» Exercise: As the answer, give a copy of each line below that includes the word "Poisson".

[Saved data entries]

++++

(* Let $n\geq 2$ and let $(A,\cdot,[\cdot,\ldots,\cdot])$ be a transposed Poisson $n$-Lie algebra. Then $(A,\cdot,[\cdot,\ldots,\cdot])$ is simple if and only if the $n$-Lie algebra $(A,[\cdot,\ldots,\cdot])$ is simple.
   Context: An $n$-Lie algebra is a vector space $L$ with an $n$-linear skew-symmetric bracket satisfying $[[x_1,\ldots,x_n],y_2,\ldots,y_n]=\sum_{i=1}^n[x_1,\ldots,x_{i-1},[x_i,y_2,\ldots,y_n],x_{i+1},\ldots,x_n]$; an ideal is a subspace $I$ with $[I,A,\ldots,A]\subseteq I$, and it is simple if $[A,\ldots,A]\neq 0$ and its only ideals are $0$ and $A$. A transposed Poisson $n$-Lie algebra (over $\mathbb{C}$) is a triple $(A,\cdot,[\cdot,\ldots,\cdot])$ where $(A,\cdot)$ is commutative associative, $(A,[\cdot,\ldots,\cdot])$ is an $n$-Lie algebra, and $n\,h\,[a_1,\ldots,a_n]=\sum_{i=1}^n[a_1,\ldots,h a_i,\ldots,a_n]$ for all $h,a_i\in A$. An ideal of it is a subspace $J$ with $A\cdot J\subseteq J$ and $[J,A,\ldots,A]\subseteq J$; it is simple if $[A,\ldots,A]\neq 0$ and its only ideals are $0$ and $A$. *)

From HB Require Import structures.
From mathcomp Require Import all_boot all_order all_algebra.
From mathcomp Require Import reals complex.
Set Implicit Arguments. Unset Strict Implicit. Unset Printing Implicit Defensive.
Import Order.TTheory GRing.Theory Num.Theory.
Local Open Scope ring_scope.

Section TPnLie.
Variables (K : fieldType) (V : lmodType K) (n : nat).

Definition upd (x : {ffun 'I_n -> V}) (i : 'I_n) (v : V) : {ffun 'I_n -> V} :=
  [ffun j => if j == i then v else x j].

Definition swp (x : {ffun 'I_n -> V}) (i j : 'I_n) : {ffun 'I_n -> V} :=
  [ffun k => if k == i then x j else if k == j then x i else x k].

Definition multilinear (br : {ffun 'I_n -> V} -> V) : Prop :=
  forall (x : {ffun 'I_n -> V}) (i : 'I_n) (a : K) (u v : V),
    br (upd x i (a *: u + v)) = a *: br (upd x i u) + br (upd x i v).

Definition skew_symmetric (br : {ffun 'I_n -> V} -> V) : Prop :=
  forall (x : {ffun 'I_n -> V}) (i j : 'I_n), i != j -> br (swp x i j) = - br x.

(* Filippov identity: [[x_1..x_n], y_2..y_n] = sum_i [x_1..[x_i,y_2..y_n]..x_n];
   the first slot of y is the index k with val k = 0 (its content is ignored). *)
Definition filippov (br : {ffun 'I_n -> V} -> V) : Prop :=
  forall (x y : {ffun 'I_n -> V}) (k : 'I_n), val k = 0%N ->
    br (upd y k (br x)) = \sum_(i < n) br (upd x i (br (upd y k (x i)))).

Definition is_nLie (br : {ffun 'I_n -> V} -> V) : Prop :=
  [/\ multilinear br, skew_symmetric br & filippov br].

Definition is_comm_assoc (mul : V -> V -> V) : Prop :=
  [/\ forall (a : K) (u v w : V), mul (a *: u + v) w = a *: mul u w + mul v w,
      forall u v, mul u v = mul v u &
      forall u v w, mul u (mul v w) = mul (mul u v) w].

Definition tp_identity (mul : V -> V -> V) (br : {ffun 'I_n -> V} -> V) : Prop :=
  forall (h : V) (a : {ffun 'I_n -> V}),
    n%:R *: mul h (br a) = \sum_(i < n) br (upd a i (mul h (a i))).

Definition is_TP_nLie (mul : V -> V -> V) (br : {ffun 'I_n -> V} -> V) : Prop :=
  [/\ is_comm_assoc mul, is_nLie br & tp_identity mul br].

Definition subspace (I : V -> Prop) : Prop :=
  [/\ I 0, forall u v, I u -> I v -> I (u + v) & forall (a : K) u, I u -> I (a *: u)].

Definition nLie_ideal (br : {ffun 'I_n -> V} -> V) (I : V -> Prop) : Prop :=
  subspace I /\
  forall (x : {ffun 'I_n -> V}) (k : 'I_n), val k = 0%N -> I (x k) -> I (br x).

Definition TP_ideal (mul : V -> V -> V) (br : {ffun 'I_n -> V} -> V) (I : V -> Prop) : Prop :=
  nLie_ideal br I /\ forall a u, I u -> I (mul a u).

++++

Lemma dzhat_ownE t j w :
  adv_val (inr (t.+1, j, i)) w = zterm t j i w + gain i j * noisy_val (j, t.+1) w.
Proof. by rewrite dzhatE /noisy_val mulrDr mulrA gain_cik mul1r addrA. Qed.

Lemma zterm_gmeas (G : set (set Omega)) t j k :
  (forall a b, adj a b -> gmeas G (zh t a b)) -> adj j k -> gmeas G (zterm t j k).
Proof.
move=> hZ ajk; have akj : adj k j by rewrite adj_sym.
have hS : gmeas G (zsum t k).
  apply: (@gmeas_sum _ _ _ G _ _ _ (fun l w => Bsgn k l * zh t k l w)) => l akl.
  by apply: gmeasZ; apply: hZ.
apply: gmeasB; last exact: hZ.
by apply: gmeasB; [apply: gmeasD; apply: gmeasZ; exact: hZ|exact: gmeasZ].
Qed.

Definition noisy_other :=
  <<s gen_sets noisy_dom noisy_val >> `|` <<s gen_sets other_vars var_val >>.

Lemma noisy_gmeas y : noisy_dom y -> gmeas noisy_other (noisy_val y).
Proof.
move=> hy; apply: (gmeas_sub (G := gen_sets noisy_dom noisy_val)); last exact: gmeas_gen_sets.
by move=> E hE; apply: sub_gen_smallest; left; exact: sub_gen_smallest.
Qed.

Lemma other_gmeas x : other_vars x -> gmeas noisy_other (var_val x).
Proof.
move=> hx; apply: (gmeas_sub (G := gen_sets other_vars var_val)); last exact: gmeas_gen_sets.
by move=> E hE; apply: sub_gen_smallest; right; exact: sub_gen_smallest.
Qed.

++++

» Solution to this exercise:
(* Let $n\geq 2$ and let $(A,\cdot,[\cdot,\ldots,\cdot])$ be a transposed Poisson $n$-Lie algebra. Then $(A,\cdot,[\cdot,\ldots,\cdot])$ is simple if and only if the $n$-Lie algebra $(A,[\cdot,\ldots,\cdot])$ is simple.
   Context: An $n$-Lie algebra is a vector space $L$ with an $n$-linear skew-symmetric bracket satisfying $[[x_1,\ldots,x_n],y_2,\ldots,y_n]=\sum_{i=1}^n[x_1,\ldots,x_{i-1},[x_i,y_2,\ldots,y_n],x_{i+1},\ldots,x_n]$; an ideal is a subspace $I$ with $[I,A,\ldots,A]\subseteq I$, and it is simple if $[A,\ldots,A]\neq 0$ and its only ideals are $0$ and $A$. A transposed Poisson $n$-Lie algebra (over $\mathbb{C}$) is a triple $(A,\cdot,[\cdot,\ldots,\cdot])$ where $(A,\cdot)$ is commutative associative, $(A,[\cdot,\ldots,\cdot])$ is an $n$-Lie algebra, and $n\,h\,[a_1,\ldots,a_n]=\sum_{i=1}^n[a_1,\ldots,h a_i,\ldots,a_n]$ for all $h,a_i\in A$. An ideal of it is a subspace $J$ with $A\cdot J\subseteq J$ and $[J,A,\ldots,A]\subseteq J$; it is simple if $[A,\ldots,A]\neq 0$ and its only ideals are $0$ and $A$. *)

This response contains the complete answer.